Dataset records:
__________________________________________________

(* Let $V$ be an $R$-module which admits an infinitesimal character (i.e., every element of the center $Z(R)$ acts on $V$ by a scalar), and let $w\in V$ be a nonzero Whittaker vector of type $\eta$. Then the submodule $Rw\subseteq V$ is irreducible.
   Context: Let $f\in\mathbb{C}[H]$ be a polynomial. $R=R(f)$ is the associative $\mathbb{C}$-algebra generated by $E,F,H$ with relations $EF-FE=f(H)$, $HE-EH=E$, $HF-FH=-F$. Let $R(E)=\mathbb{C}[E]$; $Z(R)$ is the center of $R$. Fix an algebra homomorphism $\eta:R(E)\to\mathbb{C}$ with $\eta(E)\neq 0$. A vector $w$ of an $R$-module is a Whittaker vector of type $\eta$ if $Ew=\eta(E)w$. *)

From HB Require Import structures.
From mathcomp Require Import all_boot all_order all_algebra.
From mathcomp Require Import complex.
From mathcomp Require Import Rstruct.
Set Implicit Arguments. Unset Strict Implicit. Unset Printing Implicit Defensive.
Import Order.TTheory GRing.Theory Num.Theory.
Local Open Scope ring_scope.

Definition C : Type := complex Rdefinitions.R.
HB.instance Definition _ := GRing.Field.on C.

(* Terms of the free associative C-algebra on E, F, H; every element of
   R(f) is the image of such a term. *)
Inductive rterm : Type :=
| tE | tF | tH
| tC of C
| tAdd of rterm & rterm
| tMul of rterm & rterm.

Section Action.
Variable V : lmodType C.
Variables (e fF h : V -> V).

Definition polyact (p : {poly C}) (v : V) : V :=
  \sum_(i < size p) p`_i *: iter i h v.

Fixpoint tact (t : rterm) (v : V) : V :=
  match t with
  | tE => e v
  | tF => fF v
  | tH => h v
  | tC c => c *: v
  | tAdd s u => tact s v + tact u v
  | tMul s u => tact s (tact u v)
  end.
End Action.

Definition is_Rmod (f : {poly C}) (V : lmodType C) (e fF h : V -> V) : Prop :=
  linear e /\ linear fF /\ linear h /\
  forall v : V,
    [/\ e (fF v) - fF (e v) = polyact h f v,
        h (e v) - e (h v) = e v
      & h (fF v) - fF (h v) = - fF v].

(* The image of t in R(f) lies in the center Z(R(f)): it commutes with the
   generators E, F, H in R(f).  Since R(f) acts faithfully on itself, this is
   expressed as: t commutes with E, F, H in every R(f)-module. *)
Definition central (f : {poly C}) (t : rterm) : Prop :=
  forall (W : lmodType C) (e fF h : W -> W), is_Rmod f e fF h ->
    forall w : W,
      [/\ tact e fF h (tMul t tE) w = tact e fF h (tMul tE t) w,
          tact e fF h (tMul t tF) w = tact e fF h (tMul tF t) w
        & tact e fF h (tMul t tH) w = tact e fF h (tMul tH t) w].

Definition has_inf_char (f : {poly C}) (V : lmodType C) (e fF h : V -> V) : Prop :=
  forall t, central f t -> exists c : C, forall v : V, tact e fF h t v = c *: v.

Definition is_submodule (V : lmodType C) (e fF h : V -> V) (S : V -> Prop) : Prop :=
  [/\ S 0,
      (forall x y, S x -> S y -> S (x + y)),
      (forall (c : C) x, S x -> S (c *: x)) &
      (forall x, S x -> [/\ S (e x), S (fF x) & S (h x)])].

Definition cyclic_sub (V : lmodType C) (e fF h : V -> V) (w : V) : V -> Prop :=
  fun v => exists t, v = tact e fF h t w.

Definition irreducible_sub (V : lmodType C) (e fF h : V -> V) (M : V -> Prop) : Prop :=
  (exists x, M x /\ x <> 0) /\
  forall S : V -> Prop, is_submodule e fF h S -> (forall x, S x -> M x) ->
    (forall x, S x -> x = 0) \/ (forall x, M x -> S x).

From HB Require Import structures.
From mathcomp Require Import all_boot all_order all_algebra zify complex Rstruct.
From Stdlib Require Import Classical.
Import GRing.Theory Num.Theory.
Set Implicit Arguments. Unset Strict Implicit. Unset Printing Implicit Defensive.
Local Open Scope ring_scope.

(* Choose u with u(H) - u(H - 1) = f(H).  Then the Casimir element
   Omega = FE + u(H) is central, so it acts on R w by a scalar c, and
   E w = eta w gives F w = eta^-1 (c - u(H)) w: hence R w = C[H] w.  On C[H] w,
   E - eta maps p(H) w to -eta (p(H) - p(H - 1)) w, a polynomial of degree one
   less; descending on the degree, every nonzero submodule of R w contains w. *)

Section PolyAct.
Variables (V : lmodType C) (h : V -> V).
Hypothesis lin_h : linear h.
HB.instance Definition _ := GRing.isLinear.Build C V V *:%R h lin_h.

__________________________________________________

### Try it
Return the data in full, exactly as it appears above.

### Exercise output
(* Let $V$ be an $R$-module which admits an infinitesimal character (i.e., every element of the center $Z(R)$ acts on $V$ by a scalar), and let $w\in V$ be a nonzero Whittaker vector of type $\eta$. Then the submodule $Rw\subseteq V$ is irreducible.
   Context: Let $f\in\mathbb{C}[H]$ be a polynomial. $R=R(f)$ is the associative $\mathbb{C}$-algebra generated by $E,F,H$ with relations $EF-FE=f(H)$, $HE-EH=E$, $HF-FH=-F$. Let $R(E)=\mathbb{C}[E]$; $Z(R)$ is the center of $R$. Fix an algebra homomorphism $\eta:R(E)\to\mathbb{C}$ with $\eta(E)\neq 0$. A vector $w$ of an $R$-module is a Whittaker vector of type $\eta$ if $Ew=\eta(E)w$. *)

From HB Require Import structures.
From mathcomp Require Import all_boot all_order all_algebra.
From mathcomp Require Import complex.
From mathcomp Require Import Rstruct.
Set Implicit Arguments. Unset Strict Implicit. Unset Printing Implicit Defensive.
Import Order.TTheory GRing.Theory Num.Theory.
Local Open Scope ring_scope.

Definition C : Type := complex Rdefinitions.R.
HB.instance Definition _ := GRing.Field.on C.

(* Terms of the free associative C-algebra on E, F, H; every element of
   R(f) is the image of such a term. *)
Inductive rterm : Type :=
| tE | tF | tH
| tC of C
| tAdd of rterm & rterm
| tMul of rterm & rterm.

Section Action.
Variable V : lmodType C.
Variables (e fF h : V -> V).

Definition polyact (p : {poly C}) (v : V) : V :=
  \sum_(i < size p) p`_i *: iter i h v.

Fixpoint tact (t : rterm) (v : V) : V :=
  match t with
  | tE => e v
  | tF => fF v
  | tH => h v
  | tC c => c *: v
  | tAdd s u => tact s v + tact u v
  | tMul s u => tact s (tact u v)
  end.
End Action.

Definition is_Rmod (f : {poly C}) (V : lmodType C) (e fF h : V -> V) : Prop :=
  linear e /\ linear fF /\ linear h /\
  forall v : V,
    [/\ e (fF v) - fF (e v) = polyact h f v,
        h (e v) - e (h v) = e v
      & h (fF v) - fF (h v) = - fF v].

(* The image of t in R(f) lies in the center Z(R(f)): it commutes with the
   generators E, F, H in R(f).  Since R(f) acts faithfully on itself, this is
   expressed as: t commutes with E, F, H in every R(f)-module. *)
Definition central (f : {poly C}) (t : rterm) : Prop :=
  forall (W : lmodType C) (e fF h : W -> W), is_Rmod f e fF h ->
    forall w : W,
      [/\ tact e fF h (tMul t tE) w = tact e fF h (tMul tE t) w,
          tact e fF h (tMul t tF) w = tact e fF h (tMul tF t) w
        & tact e fF h (tMul t tH) w = tact e fF h (tMul tH t) w].

Definition has_inf_char (f : {poly C}) (V : lmodType C) (e fF h : V -> V) : Prop :=
  forall t, central f t -> exists c : C, forall v : V, tact e fF h t v = c *: v.

Definition is_submodule (V : lmodType C) (e fF h : V -> V) (S : V -> Prop) : Prop :=
  [/\ S 0,
      (forall x y, S x -> S y -> S (x + y)),
      (forall (c : C) x, S x -> S (c *: x)) &
      (forall x, S x -> [/\ S (e x), S (fF x) & S (h x)])].

Definition cyclic_sub (V : lmodType C) (e fF h : V -> V) (w : V) : V -> Prop :=
  fun v => exists t, v = tact e fF h t w.

Definition irreducible_sub (V : lmodType C) (e fF h : V -> V) (M : V -> Prop) : Prop :=
  (exists x, M x /\ x <> 0) /\
  forall S : V -> Prop, is_submodule e fF h S -> (forall x, S x -> M x) ->
    (forall x, S x -> x = 0) \/ (forall x, M x -> S x).

From HB Require Import structures.
From mathcomp Require Import all_boot all_order all_algebra zify complex Rstruct.
From Stdlib Require Import Classical.
Import GRing.Theory Num.Theory.
Set Implicit Arguments. Unset Strict Implicit. Unset Printing Implicit Defensive.
Local Open Scope ring_scope.

(* Choose u with u(H) - u(H - 1) = f(H).  Then the Casimir element
   Omega = FE + u(H) is central, so it acts on R w by a scalar c, and
   E w = eta w gives F w = eta^-1 (c - u(H)) w: hence R w = C[H] w.  On C[H] w,
   E - eta maps p(H) w to -eta (p(H) - p(H - 1)) w, a polynomial of degree one
   less; descending on the degree, every nonzero submodule of R w contains w. *)

Section PolyAct.
Variables (V : lmodType C) (h : V -> V).
Hypothesis lin_h : linear h.
HB.instance Definition _ := GRing.isLinear.Build C V V *:%R h lin_h.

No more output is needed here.